▶ Activity:
Starting at the line that holds "psd M -> 0 <= cost theta s k M." and stopping at the line that holds "set PP := Phi _ P; set QQ := Phi _ Q.", restate the records below word for word, with both of those lines included.

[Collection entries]
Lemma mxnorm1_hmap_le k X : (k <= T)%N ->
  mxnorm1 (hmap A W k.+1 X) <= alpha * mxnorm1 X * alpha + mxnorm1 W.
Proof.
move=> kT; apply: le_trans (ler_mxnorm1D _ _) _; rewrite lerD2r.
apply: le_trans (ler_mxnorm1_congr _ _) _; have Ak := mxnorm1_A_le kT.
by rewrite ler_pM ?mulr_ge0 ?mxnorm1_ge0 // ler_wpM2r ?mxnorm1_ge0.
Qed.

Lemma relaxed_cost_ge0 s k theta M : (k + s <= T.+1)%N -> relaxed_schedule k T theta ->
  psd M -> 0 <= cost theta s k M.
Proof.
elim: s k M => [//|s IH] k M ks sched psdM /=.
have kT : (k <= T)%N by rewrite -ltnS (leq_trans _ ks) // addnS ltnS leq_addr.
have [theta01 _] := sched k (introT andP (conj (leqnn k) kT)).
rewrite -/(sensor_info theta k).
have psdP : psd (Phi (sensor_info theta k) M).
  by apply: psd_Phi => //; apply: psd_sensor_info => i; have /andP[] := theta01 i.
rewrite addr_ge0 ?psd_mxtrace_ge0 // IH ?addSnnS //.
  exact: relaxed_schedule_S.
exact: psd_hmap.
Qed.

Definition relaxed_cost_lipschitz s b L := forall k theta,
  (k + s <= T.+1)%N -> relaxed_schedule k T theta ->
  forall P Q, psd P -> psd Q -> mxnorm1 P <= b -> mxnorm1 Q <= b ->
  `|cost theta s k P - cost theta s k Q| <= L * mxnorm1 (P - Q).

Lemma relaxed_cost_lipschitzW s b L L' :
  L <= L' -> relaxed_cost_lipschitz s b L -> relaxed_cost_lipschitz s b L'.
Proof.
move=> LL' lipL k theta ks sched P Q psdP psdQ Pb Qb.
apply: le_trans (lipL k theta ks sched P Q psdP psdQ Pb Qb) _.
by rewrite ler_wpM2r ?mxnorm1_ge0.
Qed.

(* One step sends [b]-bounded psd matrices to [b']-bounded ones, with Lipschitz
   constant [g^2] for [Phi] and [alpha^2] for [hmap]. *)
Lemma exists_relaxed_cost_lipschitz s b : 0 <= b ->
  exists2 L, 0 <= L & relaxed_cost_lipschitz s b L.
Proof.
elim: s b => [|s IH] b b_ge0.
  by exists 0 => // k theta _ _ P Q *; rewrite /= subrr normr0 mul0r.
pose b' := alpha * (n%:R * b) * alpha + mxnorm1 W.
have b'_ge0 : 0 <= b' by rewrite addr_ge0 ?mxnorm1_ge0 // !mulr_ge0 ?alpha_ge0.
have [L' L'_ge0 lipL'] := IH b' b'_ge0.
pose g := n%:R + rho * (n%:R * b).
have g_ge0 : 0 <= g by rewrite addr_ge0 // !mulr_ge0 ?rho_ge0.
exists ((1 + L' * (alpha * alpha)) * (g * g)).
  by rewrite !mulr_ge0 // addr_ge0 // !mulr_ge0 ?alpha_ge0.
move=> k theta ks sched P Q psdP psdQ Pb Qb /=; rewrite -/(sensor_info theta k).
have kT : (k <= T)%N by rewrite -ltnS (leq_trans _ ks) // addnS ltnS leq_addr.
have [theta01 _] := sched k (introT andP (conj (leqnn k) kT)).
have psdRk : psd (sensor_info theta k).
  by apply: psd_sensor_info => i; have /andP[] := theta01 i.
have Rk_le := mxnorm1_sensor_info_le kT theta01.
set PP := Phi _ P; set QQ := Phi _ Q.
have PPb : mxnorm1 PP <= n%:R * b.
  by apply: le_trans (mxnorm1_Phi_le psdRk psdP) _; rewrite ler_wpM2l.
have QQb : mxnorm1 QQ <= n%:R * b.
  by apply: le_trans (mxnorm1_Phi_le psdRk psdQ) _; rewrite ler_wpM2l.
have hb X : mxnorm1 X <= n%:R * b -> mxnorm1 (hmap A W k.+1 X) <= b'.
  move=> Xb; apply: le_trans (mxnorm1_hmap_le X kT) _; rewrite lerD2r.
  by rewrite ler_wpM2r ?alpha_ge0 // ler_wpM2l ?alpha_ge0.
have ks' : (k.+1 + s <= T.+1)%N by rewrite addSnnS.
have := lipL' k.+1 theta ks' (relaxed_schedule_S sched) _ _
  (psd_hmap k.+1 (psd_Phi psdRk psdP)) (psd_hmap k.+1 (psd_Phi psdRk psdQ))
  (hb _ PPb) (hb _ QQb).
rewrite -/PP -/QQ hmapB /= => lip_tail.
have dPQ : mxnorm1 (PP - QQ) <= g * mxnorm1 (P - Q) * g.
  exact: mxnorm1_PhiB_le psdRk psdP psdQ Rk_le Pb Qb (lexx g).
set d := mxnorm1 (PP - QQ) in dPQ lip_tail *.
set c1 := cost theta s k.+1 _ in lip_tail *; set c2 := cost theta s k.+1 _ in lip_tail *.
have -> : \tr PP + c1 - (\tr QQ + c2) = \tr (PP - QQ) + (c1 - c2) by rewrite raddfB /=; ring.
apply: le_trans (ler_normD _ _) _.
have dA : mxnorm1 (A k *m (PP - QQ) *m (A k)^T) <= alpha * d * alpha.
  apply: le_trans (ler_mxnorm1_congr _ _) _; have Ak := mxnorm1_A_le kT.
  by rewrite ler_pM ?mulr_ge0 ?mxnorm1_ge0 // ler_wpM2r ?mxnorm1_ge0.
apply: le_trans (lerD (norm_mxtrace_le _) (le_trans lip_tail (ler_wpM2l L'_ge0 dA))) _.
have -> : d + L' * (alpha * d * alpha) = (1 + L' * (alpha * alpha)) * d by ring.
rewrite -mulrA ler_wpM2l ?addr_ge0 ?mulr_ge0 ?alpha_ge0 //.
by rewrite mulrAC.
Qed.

▶ Exercise answer:
  psd M -> 0 <= cost theta s k M.
Proof.
elim: s k M => [//|s IH] k M ks sched psdM /=.
have kT : (k <= T)%N by rewrite -ltnS (leq_trans _ ks) // addnS ltnS leq_addr.
have [theta01 _] := sched k (introT andP (conj (leqnn k) kT)).
rewrite -/(sensor_info theta k).
have psdP : psd (Phi (sensor_info theta k) M).
  by apply: psd_Phi => //; apply: psd_sensor_info => i; have /andP[] := theta01 i.
rewrite addr_ge0 ?psd_mxtrace_ge0 // IH ?addSnnS //.
  exact: relaxed_schedule_S.
exact: psd_hmap.
Qed.

Definition relaxed_cost_lipschitz s b L := forall k theta,
  (k + s <= T.+1)%N -> relaxed_schedule k T theta ->
  forall P Q, psd P -> psd Q -> mxnorm1 P <= b -> mxnorm1 Q <= b ->
  `|cost theta s k P - cost theta s k Q| <= L * mxnorm1 (P - Q).

Lemma relaxed_cost_lipschitzW s b L L' :
  L <= L' -> relaxed_cost_lipschitz s b L -> relaxed_cost_lipschitz s b L'.
Proof.
move=> LL' lipL k theta ks sched P Q psdP psdQ Pb Qb.
apply: le_trans (lipL k theta ks sched P Q psdP psdQ Pb Qb) _.
by rewrite ler_wpM2r ?mxnorm1_ge0.
Qed.

(* One step sends [b]-bounded psd matrices to [b']-bounded ones, with Lipschitz
   constant [g^2] for [Phi] and [alpha^2] for [hmap]. *)
Lemma exists_relaxed_cost_lipschitz s b : 0 <= b ->
  exists2 L, 0 <= L & relaxed_cost_lipschitz s b L.
Proof.
elim: s b => [|s IH] b b_ge0.
  by exists 0 => // k theta _ _ P Q *; rewrite /= subrr normr0 mul0r.
pose b' := alpha * (n%:R * b) * alpha + mxnorm1 W.
have b'_ge0 : 0 <= b' by rewrite addr_ge0 ?mxnorm1_ge0 // !mulr_ge0 ?alpha_ge0.
have [L' L'_ge0 lipL'] := IH b' b'_ge0.
pose g := n%:R + rho * (n%:R * b).
have g_ge0 : 0 <= g by rewrite addr_ge0 // !mulr_ge0 ?rho_ge0.
exists ((1 + L' * (alpha * alpha)) * (g * g)).
  by rewrite !mulr_ge0 // addr_ge0 // !mulr_ge0 ?alpha_ge0.
move=> k theta ks sched P Q psdP psdQ Pb Qb /=; rewrite -/(sensor_info theta k).
have kT : (k <= T)%N by rewrite -ltnS (leq_trans _ ks) // addnS ltnS leq_addr.
have [theta01 _] := sched k (introT andP (conj (leqnn k) kT)).
have psdRk : psd (sensor_info theta k).
  by apply: psd_sensor_info => i; have /andP[] := theta01 i.
have Rk_le := mxnorm1_sensor_info_le kT theta01.
set PP := Phi _ P; set QQ := Phi _ Q.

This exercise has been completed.